The dominant keywords currently controlling the stock market are undoubtedly inflation and recession. Domestic consumer prices in May rose 5.4% compared to the same month last year, marking the largest increase in 14 years. Inflation in the United States is even more severe, with last weekend's reported figure at a staggering 8.6%, the highest in 41 years. Inflation tends not to decrease easily once it rises.
Some in the market are hopeful that the Federal Reserve's aggressive interest rate hikes will soon stabilize inflation. This is an overly complacent view. It is highly likely that inflation will remain at similar levels at least through the third quarter of this year, and only after a prolonged period of aggressive monetary tightening by global central banks will stability be achieved.
If the Fed continues its high-intensity monetary tightening, the possibility of the U.S. and global economies falling into recession is quite high. The Fed raised the benchmark interest rate by 0.5% in May, and it is almost certain that the June FOMC will implement another increase of 0.5% or more. A similar rate hike is expected in July as well. Alongside interest rate hikes, the Fed has accelerated liquidity reduction by initiating quantitative tightening (QT) from June. The pace of monetary tightening is unprecedented, and at this speed, it would be unusual if a recession does not occur.
When inflation and recession combine, stagflation occurs. For the MZ generation, this may be a story heard only in economics lectures, as it happened before they were born, but for older generations, stagflation remains a vivid and nightmarish memory. The first oil shock in October 1973 and the subsequent stagflation, followed by the second oil shock in January 1979 and the double-dip recession from 1980 to 1982, engulfed the global economy. That terrifying stagflation now shows signs of reemerging after more than 40 years.

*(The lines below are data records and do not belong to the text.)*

(* Let $k\in\mathbb N$ and $f\in\mathcal R^{k+1}_{[1]}(\mathbb R^2)$. Then for every $v\in\mathbb R^2$, the partial derivative $\partial_v f$ belongs to $\mathcal R^k_{[1]}(\mathbb R^2)$.
   Context: For $k\in\mathbb N\cup\{\infty\}$, $\mathcal R^k(\mathbb R^2)$ denotes the ring of functions $f:\mathbb R^2\to\mathbb R$ of class $C^k$ that coincide with $p/q$ ($p,q$ polynomials, $q$ nonvanishing there) on some nonempty Zariski open set. For $l\in\mathbb N$: consider compositions $\pi:M\to\mathbb R^2$ of successive blowings-up $M_i\to M_{i-1}$ ($M_0=\mathbb R^2$), each centred at points. An infinitely near point of order $j$ is a sequence $a_0\in M_0,\dots,a_j\in M_j$ where $M_i$ is the blowing-up of $M_{i-1}$ at $a_{i-1}$ and $a_i$ maps to $a_{i-1}$; the number of stages of $\pi$ is the maximal order of infinitely near points in $M$. $\mathcal R^k_{[l]}(\mathbb R^2)$ is the set of $f\in\mathcal R^k(\mathbb R^2)$ for which there is such a $\pi$ with at most $l$ stages such that $f\circ\pi$ is regular on $M$. $\partial_v f$ denotes the directional derivative of $f$ in direction $v$. *)

From Stdlib Require Import Reals List.
Open Scope R_scope.

Inductive is_poly2 : (R -> R -> R) -> Prop :=
| poly2_const (c : R) : is_poly2 (fun _ _ => c)
| poly2_X : is_poly2 (fun x _ => x)
| poly2_Y : is_poly2 (fun _ y => y)
| poly2_add (p q : R -> R -> R) :
    is_poly2 p -> is_poly2 q -> is_poly2 (fun x y => p x y + q x y)
| poly2_mul (p q : R -> R -> R) :
    is_poly2 p -> is_poly2 q -> is_poly2 (fun x y => p x y * q x y).

Definition continuous2 (f : R -> R -> R) : Prop :=
  forall x y eps, 0 < eps -> exists delta, 0 < delta /\
    forall x' y', Rabs (x' - x) < delta -> Rabs (y' - y) < delta ->
      Rabs (f x' y' - f x y) < eps.

Fixpoint Ck2 (k : nat) (f : R -> R -> R) : Prop :=
  match k with
  | O => continuous2 f
  | S k' => exists fx fy : R -> R -> R,
      (forall x y, derivable_pt_lim (fun t => f t y) x (fx x y)) /\
      (forall x y, derivable_pt_lim (fun t => f x t) y (fy x y)) /\
      Ck2 k' fx /\ Ck2 k' fy
  end.

(** f coincides with p/q (q nonvanishing) on a nonempty Zariski open set
    (here the basic open set {g <> 0}, g a nonzero polynomial). *)
Definition rational2 (f : R -> R -> R) : Prop :=
  exists p q g, is_poly2 p /\ is_poly2 q /\ is_poly2 g /\
    (exists x y, g x y <> 0) /\
    forall x y, g x y <> 0 -> q x y <> 0 /\ f x y = p x y / q x y.

Definition Rk (k : nat) (f : R -> R -> R) : Prop := Ck2 k f /\ rational2 f.

Definition regular_on (U : R -> R -> Prop) (g : R -> R -> R) : Prop :=
  forall x y, U x y -> exists p q, is_poly2 p /\ is_poly2 q /\ q x y <> 0 /\
    forall x' y', U x' y' -> q x' y' <> 0 -> g x' y' = p x' y' / q x' y'.

(** The two standard affine charts (each a copy of R^2) of the blowing-up
    of R^2 at the point a. *)
Definition chart1 (a : R * R) (u w : R) : R * R := (fst a + u, snd a + u * w).
Definition chart2 (a : R * R) (u w : R) : R * R := (fst a + u * w, snd a + w).

(** Regularity of f o pi on M, where pi : M -> R^2 is the blowing-up of R^2
    at the finitely many distinct points of A (a one-stage composition of
    point blowings-up). M is covered by pi^{-1}(R^2 \ A) ~ R^2 \ A and, for
    each a in A, the two charts of the blowing-up at a, restricted to the
    complement of the preimages of the other centres. *)
Definition chart_dom (A : list (R * R)) (a : R * R)
    (ch : R * R -> R -> R -> R * R) : R -> R -> Prop :=
  fun u w => forall b, In b A -> b <> a -> ch a u w <> b.

Definition regular_after_blowup (A : list (R * R)) (f : R -> R -> R) : Prop :=
  NoDup A /\
  regular_on (fun x y => ~ In (x, y) A) f /\
  forall a, In a A ->
    regular_on (chart_dom A a chart1)
      (fun u w => f (fst (chart1 a u w)) (snd (chart1 a u w))) /\
    regular_on (chart_dom A a chart2)
      (fun u w => f (fst (chart2 a u w)) (snd (chart2 a u w))).

Definition Rk1 (k : nat) (f : R -> R -> R) : Prop :=
  Rk k f /\ exists A : list (R * R), regular_after_blowup A f.

Definition dirderiv (f : R -> R -> R) (v : R * R) (g : R -> R -> R) : Prop :=
  forall x y, derivable_pt_lim (fun t => f (x + t * fst v) (y + t * snd v)) 0 (g x y).

From Stdlib Require Import Reals List Lra Classical FunctionalExtensionality.
From Coquelicot Require Import Coquelicot.
Open Scope R_scope.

History is said not to repeat itself in exactly the same way. However, it is hard to deny that the approaching stagflation closely resembles that of 40 years ago. There is a commonality in the long-standing macroeconomic environment vulnerable to inflation. Additionally, the rise in grain prices alongside the oil shocks, and the persistent wage increases despite ongoing recession, are not just a sense of d?j? vu felt by the author alone.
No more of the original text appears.